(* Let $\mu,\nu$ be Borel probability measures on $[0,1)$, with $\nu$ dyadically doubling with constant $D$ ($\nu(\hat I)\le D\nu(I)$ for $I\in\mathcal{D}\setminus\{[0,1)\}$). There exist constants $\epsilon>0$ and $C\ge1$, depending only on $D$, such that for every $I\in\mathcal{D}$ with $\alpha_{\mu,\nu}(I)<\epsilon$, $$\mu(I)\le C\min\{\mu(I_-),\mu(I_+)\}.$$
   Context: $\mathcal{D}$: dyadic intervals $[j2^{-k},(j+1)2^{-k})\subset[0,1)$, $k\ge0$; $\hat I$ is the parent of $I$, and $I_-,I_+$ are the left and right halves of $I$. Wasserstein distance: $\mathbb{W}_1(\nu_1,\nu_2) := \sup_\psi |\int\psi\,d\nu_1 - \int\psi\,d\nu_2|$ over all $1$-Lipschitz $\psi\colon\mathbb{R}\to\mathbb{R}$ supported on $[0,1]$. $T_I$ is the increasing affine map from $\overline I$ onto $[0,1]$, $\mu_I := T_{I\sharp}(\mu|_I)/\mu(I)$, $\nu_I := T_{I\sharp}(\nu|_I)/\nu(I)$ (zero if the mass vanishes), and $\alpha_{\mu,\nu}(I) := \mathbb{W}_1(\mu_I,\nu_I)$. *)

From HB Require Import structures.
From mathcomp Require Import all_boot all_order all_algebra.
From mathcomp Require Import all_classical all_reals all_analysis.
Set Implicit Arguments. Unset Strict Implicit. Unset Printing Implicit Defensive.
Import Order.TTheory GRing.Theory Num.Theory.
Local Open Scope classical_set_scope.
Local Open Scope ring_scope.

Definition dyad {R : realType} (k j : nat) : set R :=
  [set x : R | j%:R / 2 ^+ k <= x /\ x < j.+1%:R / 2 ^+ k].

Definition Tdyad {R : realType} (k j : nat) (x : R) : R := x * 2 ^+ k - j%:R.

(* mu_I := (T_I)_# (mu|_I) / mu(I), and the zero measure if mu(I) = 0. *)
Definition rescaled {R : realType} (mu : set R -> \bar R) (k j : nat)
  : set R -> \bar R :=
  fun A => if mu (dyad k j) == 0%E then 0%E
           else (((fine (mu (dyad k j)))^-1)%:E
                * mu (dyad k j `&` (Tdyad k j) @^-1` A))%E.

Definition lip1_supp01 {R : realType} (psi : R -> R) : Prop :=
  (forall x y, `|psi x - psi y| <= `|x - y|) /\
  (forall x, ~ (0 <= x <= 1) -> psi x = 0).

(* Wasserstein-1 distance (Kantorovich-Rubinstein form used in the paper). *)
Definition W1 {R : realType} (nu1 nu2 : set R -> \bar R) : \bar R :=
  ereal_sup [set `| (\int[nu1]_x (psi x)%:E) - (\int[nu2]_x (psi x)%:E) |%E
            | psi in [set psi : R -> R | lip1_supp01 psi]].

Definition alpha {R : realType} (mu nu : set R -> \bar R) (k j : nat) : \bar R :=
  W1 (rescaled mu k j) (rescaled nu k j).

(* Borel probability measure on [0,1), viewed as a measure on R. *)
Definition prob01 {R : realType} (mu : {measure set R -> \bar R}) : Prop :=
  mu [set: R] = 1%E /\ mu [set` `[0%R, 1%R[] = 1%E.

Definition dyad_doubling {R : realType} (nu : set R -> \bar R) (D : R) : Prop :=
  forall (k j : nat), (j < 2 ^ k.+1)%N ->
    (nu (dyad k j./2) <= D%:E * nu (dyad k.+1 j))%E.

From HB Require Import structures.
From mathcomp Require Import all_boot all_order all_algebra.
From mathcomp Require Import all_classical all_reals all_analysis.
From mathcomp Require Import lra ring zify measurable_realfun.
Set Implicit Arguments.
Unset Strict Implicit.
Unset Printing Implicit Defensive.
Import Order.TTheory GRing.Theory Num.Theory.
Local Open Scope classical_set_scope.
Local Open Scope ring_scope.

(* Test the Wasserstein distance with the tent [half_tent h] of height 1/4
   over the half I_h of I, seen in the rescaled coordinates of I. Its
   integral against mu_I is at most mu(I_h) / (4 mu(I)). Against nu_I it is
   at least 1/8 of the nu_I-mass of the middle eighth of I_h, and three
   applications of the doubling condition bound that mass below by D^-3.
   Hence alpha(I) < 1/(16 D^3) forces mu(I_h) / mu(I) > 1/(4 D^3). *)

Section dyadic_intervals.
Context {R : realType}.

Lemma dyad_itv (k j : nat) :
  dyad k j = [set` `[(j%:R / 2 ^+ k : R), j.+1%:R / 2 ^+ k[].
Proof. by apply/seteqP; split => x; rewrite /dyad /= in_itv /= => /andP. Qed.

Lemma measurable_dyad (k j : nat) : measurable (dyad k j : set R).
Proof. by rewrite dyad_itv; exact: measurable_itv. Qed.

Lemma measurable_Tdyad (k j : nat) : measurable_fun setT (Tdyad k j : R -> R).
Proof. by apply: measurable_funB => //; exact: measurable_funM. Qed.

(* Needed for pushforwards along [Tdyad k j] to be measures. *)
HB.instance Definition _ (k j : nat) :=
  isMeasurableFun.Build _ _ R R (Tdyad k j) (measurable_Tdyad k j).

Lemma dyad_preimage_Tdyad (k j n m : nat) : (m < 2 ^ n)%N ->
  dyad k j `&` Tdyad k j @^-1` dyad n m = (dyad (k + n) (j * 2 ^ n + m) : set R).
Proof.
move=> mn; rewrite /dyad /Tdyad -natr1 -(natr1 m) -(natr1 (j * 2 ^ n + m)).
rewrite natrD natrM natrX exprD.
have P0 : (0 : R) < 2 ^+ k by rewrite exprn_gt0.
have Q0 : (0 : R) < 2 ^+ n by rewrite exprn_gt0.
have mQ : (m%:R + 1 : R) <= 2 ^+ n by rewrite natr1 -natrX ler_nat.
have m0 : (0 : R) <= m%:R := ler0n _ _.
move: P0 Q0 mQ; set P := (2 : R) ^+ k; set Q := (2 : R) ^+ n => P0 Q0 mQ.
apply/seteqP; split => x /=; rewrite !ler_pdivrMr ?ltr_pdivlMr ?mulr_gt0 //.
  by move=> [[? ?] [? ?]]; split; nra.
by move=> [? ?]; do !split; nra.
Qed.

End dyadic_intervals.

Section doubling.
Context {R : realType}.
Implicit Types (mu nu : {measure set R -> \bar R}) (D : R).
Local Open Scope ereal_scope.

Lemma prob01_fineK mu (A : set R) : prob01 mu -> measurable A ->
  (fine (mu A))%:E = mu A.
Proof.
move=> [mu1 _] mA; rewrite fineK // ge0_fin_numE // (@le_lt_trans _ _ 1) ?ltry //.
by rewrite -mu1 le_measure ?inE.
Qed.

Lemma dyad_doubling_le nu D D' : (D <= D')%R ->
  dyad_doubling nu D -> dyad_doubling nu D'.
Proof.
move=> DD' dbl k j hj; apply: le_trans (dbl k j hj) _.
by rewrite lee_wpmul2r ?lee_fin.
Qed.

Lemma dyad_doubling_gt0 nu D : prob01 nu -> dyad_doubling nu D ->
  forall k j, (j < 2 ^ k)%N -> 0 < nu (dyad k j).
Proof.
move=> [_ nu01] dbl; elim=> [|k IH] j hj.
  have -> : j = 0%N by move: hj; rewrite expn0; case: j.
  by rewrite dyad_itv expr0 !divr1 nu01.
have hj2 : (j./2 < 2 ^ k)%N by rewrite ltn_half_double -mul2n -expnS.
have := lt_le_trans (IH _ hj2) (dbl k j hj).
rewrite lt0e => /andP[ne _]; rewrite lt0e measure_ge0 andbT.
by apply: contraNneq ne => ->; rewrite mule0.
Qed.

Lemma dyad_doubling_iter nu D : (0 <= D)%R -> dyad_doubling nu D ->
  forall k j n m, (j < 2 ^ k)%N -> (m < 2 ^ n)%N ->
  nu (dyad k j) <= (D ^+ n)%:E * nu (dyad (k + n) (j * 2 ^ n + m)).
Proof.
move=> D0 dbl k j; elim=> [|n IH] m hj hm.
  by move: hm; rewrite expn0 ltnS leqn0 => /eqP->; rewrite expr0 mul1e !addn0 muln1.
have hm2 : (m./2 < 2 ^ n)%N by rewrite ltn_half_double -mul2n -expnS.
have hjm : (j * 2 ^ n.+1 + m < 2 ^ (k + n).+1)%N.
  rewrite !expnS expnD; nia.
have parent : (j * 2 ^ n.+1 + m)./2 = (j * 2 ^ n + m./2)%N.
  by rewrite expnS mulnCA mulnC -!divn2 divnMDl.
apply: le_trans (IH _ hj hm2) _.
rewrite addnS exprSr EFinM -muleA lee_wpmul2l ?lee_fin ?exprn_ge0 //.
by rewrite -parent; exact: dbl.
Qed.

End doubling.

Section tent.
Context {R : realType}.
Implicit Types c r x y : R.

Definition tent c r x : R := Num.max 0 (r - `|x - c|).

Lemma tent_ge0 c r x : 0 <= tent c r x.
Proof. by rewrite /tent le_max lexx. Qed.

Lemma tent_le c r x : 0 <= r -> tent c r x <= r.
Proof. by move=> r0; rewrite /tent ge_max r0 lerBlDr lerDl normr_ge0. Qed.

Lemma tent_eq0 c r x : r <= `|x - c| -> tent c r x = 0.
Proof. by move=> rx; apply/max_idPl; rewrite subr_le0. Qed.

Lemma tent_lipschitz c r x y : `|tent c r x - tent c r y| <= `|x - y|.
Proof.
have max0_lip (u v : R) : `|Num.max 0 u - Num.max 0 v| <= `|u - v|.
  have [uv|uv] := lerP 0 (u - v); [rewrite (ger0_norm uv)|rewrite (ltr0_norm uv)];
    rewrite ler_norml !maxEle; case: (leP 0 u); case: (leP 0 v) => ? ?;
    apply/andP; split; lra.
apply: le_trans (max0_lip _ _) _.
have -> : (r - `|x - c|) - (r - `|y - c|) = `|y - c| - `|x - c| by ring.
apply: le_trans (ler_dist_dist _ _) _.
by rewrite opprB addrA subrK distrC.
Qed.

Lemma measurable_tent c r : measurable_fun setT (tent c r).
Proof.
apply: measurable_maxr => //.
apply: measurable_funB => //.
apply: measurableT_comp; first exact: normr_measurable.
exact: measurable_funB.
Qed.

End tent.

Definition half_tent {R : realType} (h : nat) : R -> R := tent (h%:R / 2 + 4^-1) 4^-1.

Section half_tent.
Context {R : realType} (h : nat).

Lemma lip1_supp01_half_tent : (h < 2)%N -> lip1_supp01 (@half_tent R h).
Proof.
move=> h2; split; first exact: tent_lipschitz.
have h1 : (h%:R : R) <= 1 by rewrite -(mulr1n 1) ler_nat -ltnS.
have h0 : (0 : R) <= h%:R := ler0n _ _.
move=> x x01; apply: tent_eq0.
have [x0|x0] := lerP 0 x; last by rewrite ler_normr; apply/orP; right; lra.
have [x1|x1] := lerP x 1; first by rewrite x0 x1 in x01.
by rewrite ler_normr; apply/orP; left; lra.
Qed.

★ ★ ★

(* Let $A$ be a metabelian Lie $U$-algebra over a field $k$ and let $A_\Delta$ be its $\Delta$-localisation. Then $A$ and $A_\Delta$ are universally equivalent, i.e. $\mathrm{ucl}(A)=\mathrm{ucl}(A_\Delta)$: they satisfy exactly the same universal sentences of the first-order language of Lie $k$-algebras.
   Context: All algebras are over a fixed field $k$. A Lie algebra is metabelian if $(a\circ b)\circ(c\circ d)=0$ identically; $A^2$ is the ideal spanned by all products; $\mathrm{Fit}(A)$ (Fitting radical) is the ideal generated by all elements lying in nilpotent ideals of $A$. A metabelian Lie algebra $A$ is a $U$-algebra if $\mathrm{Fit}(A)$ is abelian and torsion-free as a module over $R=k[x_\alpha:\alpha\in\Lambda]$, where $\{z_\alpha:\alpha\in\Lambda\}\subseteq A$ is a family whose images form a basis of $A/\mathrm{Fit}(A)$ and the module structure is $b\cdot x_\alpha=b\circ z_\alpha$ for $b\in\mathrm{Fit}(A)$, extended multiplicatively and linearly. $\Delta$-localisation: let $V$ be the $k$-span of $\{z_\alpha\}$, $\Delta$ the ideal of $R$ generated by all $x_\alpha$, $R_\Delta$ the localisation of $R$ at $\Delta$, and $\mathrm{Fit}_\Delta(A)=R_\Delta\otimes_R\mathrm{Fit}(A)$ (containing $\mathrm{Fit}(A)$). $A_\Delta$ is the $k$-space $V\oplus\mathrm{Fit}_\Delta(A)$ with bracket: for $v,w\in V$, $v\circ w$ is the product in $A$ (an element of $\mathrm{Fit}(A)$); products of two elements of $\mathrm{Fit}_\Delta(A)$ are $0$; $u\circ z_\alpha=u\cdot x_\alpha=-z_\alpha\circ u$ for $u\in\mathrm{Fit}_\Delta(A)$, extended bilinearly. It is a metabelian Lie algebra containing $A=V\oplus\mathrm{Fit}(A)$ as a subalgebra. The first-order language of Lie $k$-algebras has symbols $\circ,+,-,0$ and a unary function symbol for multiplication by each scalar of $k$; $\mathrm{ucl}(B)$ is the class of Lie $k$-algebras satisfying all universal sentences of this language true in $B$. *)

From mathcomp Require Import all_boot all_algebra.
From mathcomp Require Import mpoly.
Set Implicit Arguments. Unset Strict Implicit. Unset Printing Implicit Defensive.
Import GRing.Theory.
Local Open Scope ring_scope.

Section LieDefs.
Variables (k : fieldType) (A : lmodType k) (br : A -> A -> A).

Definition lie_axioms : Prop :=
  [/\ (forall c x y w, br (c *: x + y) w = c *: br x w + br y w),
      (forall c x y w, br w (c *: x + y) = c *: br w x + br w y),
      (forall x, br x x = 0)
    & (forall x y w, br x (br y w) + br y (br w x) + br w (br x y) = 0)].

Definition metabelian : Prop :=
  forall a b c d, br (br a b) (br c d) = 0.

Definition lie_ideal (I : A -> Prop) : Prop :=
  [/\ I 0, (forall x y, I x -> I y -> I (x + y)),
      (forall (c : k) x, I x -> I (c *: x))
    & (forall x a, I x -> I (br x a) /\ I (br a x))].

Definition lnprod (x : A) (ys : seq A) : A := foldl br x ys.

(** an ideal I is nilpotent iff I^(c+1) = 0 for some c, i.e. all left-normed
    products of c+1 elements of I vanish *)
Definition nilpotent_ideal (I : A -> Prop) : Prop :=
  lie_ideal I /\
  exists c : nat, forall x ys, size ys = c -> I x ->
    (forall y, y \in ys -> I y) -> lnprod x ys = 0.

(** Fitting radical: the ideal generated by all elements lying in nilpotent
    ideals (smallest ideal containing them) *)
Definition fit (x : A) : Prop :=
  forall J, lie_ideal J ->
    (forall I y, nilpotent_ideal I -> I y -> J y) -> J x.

★ ★ ★

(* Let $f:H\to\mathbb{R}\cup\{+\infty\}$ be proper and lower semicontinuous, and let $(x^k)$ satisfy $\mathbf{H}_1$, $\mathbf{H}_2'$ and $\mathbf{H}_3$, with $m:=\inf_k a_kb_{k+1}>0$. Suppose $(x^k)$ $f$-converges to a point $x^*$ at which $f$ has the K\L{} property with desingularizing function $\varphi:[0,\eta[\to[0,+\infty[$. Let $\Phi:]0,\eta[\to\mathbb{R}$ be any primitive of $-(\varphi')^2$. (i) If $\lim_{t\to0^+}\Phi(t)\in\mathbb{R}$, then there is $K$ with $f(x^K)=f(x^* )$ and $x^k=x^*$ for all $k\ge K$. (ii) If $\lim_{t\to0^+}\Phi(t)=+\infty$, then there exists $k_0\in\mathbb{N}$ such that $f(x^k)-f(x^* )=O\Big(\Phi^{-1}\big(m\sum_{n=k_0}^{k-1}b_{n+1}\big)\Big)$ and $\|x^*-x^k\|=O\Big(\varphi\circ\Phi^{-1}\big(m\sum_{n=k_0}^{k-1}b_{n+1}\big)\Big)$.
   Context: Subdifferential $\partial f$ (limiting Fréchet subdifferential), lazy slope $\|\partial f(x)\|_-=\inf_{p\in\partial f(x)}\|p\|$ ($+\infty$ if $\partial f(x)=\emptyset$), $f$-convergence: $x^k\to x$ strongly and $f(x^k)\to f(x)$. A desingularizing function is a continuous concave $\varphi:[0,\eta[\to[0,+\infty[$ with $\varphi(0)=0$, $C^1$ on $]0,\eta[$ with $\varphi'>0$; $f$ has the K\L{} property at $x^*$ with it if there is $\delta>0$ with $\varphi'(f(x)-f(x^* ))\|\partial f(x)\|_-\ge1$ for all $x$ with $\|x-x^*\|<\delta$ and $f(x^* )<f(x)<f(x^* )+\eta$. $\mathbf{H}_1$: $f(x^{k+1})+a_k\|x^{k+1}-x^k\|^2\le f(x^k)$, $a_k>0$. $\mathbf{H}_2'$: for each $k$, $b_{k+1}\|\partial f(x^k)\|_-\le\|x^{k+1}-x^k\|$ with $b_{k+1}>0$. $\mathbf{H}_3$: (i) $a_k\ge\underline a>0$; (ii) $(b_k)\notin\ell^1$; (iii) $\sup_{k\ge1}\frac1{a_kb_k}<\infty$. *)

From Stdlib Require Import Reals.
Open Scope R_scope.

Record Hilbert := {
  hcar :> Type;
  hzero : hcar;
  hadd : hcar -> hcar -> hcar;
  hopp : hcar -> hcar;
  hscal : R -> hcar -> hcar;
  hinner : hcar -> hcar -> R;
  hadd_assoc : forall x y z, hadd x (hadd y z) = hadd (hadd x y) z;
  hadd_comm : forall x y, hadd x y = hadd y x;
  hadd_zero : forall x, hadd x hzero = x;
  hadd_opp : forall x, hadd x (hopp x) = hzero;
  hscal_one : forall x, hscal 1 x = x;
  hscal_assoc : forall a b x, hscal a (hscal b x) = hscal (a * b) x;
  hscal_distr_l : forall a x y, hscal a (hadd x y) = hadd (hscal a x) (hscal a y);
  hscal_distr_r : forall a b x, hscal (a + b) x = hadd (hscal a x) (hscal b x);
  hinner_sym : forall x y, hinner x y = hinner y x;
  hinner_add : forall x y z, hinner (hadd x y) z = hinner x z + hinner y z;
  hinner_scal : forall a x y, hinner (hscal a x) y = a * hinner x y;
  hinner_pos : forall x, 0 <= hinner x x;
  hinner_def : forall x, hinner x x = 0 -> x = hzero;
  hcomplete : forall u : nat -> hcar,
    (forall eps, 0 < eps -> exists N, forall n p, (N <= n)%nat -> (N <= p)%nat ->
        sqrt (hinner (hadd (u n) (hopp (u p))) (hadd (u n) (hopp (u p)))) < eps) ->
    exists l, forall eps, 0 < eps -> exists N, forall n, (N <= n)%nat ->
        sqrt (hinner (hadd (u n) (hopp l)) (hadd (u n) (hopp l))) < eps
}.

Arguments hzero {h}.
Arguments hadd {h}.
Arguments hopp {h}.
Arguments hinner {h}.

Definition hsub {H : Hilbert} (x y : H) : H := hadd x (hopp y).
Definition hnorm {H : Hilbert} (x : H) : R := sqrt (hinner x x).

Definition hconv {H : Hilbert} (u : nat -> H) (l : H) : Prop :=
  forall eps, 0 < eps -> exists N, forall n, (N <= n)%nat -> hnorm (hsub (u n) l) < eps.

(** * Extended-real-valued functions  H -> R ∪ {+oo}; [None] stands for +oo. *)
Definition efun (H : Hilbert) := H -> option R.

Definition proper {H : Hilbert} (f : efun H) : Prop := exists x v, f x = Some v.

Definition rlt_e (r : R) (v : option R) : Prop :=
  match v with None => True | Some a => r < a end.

★ ★ ★

*Requirement*. In the data shown above, how many lines hold the string "distance"? The answer is the number alone.

*Exercise solution*. 3